*** Opening Material to process ***

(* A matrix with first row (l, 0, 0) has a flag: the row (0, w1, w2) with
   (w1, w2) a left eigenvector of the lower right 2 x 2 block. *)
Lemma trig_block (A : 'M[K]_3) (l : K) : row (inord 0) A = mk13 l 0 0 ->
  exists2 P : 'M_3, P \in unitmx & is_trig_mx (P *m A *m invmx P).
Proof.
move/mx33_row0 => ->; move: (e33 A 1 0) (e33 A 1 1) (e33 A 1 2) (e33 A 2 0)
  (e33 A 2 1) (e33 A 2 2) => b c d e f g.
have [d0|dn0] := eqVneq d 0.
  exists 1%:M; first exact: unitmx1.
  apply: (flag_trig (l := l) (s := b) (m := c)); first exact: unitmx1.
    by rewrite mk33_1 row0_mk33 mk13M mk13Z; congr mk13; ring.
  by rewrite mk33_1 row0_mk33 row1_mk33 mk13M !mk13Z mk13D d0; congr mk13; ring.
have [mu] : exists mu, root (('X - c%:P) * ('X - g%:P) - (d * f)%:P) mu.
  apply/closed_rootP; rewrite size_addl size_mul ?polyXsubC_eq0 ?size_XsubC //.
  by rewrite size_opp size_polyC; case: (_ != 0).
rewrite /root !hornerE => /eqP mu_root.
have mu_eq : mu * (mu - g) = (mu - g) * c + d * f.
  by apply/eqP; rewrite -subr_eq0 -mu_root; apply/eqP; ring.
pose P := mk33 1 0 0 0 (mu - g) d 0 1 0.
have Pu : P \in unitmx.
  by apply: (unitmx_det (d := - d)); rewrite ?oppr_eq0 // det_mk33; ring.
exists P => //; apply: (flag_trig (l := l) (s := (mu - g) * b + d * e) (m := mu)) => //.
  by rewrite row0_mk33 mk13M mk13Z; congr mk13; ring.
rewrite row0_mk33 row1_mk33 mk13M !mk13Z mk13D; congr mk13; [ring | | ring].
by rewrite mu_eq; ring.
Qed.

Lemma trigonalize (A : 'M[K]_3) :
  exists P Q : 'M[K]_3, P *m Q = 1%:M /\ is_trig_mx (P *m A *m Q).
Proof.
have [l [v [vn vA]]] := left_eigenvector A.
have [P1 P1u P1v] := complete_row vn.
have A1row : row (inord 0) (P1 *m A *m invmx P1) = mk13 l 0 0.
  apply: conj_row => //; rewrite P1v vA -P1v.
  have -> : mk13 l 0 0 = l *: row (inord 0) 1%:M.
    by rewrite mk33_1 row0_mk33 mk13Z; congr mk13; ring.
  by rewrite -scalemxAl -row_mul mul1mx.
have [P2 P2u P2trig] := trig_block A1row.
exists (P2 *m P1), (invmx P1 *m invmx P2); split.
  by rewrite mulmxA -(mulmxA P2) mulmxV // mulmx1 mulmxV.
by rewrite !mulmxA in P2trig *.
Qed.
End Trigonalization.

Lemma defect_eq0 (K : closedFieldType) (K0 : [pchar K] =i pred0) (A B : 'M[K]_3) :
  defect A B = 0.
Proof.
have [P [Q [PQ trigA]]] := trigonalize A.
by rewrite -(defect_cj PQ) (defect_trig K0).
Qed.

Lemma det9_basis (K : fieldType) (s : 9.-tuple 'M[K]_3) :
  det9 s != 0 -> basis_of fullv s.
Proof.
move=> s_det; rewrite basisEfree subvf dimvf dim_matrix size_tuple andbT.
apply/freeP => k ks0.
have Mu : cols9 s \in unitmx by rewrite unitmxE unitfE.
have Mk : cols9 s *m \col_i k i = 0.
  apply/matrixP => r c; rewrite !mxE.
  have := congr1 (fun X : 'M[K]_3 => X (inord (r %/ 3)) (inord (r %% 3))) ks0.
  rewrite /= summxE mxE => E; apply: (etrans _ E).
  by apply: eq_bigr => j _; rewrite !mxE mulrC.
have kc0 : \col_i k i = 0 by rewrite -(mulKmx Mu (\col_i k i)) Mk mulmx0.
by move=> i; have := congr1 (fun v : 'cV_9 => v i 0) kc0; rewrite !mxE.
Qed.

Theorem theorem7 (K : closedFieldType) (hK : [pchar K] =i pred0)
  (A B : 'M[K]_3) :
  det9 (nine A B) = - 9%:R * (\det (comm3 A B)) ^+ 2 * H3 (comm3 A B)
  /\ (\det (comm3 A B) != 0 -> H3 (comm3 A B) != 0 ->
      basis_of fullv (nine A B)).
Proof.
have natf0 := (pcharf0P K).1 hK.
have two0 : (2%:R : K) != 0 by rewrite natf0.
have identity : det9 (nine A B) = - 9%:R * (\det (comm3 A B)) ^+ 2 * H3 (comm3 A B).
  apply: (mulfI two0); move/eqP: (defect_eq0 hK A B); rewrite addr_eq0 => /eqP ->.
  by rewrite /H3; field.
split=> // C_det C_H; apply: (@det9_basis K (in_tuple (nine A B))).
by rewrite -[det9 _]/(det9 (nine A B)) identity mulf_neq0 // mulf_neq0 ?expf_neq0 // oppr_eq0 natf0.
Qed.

*** Closing Material to process ***
*** Opening Material to process ***

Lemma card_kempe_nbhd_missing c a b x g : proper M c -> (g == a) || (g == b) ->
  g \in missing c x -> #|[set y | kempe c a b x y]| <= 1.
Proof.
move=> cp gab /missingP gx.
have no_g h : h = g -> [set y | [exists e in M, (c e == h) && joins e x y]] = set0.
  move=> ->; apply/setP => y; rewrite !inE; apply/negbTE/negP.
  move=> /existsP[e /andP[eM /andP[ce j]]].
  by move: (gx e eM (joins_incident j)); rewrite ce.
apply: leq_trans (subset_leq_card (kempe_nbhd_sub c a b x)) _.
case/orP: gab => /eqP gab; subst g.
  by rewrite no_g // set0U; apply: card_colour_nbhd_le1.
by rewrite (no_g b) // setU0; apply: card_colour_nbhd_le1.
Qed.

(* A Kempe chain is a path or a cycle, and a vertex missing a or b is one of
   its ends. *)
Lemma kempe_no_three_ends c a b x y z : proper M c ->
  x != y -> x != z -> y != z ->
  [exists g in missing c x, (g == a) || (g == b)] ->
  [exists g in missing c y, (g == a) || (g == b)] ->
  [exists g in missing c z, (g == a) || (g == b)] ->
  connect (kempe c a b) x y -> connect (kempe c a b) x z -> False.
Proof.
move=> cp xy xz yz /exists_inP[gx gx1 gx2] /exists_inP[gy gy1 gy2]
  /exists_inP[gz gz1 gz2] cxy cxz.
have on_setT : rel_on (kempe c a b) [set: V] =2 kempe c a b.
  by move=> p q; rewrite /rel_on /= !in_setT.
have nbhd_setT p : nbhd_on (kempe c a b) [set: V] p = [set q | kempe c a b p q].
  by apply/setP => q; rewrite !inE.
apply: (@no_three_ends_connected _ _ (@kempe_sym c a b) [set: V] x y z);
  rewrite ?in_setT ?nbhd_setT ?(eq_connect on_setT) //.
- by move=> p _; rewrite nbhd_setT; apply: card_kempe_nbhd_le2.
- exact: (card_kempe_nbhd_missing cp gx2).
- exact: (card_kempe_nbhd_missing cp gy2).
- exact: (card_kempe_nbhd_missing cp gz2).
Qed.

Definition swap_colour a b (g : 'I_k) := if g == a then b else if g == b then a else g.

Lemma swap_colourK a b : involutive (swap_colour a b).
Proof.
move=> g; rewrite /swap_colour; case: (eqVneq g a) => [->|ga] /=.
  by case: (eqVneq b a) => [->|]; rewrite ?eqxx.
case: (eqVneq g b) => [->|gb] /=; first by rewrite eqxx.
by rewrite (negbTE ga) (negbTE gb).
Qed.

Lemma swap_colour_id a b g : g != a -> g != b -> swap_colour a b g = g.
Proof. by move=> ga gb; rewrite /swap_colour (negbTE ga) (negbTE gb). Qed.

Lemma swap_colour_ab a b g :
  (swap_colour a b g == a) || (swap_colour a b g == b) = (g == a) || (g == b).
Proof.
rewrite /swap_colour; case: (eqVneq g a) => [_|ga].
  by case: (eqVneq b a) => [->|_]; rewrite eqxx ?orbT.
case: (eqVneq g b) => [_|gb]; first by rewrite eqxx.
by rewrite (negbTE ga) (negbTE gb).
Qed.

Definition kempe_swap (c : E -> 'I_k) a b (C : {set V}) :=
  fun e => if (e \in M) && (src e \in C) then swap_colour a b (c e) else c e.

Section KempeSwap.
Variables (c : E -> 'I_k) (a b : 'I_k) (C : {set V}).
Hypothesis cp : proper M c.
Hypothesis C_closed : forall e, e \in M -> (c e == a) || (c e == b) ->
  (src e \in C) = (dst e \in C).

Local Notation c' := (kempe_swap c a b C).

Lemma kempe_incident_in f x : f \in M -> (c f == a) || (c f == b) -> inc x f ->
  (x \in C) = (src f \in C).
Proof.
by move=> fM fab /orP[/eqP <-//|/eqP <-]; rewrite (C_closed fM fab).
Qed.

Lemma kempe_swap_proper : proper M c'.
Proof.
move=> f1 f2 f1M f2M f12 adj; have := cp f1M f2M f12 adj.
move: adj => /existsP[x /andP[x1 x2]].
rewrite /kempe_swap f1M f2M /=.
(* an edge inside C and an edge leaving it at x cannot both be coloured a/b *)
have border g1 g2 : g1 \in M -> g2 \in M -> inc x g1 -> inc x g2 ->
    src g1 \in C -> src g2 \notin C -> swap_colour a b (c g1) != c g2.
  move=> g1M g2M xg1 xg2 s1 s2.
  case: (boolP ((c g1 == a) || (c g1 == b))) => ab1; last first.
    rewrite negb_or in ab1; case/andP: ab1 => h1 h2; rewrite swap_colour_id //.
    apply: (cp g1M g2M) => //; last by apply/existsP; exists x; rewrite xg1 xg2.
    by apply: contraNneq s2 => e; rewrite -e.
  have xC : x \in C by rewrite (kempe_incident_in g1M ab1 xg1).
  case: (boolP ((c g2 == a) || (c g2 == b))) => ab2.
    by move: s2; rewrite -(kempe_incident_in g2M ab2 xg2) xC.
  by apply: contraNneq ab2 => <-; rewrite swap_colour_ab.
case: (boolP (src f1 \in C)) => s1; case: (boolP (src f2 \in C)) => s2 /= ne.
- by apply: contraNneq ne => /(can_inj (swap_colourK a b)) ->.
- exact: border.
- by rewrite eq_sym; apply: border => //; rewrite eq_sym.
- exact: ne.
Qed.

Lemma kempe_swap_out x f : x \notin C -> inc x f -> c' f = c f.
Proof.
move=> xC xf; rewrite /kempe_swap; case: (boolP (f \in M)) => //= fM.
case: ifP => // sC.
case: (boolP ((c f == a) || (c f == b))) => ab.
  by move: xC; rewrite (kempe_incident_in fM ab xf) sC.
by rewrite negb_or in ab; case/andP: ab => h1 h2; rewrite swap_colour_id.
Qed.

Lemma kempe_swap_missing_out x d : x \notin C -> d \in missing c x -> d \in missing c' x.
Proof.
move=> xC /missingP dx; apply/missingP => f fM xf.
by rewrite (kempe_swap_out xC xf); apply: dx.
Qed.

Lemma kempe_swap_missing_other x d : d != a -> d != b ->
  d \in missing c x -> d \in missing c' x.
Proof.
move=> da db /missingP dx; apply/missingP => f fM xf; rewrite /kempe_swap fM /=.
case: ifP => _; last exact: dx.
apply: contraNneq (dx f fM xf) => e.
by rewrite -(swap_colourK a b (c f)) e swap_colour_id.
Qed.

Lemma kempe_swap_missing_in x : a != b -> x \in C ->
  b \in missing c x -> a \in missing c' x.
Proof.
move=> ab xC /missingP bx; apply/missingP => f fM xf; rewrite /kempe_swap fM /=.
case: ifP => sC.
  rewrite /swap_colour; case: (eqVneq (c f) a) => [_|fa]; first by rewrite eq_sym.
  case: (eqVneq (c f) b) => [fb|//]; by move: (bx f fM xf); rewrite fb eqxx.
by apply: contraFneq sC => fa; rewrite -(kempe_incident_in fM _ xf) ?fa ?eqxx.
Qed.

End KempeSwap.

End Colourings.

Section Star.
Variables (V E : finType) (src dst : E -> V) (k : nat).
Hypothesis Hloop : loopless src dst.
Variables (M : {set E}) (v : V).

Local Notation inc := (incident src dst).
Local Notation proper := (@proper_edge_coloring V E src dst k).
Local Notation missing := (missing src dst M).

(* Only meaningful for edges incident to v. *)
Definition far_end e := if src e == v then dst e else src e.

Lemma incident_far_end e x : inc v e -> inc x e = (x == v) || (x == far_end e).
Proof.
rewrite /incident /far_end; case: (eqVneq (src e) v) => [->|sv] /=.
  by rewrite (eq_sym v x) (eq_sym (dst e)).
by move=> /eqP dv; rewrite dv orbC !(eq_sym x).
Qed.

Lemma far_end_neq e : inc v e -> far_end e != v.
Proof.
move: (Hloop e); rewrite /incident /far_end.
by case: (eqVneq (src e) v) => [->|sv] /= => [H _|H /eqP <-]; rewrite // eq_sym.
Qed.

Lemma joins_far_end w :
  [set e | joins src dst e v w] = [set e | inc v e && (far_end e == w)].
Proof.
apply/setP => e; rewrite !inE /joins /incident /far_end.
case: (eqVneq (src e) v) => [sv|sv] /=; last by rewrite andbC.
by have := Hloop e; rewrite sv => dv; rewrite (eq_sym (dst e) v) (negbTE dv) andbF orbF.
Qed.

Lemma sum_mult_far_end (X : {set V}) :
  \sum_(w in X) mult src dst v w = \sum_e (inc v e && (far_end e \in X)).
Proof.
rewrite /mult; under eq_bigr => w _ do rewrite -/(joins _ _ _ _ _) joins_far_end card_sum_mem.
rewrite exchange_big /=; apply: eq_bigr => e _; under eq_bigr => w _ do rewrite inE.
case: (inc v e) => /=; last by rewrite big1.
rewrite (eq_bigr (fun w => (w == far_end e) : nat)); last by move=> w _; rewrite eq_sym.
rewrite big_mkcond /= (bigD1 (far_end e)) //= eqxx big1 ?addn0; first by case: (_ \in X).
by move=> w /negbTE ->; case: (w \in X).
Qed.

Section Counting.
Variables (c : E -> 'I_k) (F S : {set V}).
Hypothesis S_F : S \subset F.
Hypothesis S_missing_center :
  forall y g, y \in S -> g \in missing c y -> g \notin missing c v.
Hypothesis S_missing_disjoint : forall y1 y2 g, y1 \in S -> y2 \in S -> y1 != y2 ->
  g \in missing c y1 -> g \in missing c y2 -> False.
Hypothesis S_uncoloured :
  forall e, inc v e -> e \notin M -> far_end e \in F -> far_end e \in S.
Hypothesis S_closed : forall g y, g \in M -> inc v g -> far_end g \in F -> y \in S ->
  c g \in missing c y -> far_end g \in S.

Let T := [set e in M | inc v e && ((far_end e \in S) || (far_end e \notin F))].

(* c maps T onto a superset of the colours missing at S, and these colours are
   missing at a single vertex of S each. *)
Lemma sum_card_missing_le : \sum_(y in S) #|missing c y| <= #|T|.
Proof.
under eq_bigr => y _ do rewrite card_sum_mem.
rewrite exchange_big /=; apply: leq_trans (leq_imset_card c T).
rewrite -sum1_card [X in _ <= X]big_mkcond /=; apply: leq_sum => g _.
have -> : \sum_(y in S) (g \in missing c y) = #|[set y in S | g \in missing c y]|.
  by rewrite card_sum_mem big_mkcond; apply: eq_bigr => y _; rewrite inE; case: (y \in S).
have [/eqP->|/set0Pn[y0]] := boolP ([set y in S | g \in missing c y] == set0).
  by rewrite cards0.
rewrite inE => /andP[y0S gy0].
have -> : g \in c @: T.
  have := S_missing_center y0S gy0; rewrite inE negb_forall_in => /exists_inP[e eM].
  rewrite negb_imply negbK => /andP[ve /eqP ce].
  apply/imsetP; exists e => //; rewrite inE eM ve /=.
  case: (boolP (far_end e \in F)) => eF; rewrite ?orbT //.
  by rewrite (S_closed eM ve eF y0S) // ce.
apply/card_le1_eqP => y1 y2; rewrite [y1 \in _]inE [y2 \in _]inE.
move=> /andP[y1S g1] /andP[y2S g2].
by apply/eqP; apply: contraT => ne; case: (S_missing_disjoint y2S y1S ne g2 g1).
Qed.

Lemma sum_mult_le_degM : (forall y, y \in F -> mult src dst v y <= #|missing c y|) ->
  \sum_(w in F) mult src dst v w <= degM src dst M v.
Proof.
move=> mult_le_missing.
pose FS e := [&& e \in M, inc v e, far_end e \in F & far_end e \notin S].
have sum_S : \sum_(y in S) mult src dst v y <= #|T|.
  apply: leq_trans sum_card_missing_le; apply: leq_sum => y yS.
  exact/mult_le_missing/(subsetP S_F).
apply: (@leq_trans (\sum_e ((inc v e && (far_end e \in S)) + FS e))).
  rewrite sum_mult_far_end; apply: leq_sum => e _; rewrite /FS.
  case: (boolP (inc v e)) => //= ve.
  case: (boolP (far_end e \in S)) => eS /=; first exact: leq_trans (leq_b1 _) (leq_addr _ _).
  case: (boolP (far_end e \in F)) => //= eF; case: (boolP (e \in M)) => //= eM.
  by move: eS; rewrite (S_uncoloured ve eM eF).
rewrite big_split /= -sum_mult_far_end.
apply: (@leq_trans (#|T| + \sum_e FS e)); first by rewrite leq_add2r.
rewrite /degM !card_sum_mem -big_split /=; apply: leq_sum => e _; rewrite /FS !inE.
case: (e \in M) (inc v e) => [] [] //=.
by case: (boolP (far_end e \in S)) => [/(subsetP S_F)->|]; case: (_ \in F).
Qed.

*** Closing Material to process ***
*** Opening Material to process ***

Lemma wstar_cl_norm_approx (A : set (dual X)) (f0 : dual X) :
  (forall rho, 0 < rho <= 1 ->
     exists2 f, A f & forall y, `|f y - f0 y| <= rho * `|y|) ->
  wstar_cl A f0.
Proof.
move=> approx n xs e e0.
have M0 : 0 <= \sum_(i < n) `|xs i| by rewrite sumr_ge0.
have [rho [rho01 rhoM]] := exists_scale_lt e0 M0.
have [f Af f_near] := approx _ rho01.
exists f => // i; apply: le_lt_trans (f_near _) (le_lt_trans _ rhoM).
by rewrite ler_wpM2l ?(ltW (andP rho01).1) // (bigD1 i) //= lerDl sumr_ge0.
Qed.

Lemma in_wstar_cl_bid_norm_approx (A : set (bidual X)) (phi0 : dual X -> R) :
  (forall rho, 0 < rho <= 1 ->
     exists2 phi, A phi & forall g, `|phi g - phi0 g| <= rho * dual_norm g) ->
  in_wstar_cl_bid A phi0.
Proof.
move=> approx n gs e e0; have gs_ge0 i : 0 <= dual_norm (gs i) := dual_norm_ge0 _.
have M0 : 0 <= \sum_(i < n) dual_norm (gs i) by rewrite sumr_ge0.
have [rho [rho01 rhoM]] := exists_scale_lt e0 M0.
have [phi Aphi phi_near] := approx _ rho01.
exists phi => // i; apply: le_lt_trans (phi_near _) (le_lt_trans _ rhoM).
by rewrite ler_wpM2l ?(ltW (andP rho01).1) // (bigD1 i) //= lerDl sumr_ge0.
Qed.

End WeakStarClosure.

*** Closing Material to process ***

Task instructions: What you give back should be exactly the lines of the data above from the line with "case: ifP => sC." through the line with "Hypothesis Hloop : loopless src dst.", both of those included, and nothing more.

Task result:
case: ifP => sC.
  rewrite /swap_colour; case: (eqVneq (c f) a) => [_|fa]; first by rewrite eq_sym.
  case: (eqVneq (c f) b) => [fb|//]; by move: (bx f fM xf); rewrite fb eqxx.
by apply: contraFneq sC => fa; rewrite -(kempe_incident_in fM _ xf) ?fa ?eqxx.
Qed.

End KempeSwap.

End Colourings.

Section Star.
Variables (V E : finType) (src dst : E -> V) (k : nat).
Hypothesis Hloop : loopless src dst.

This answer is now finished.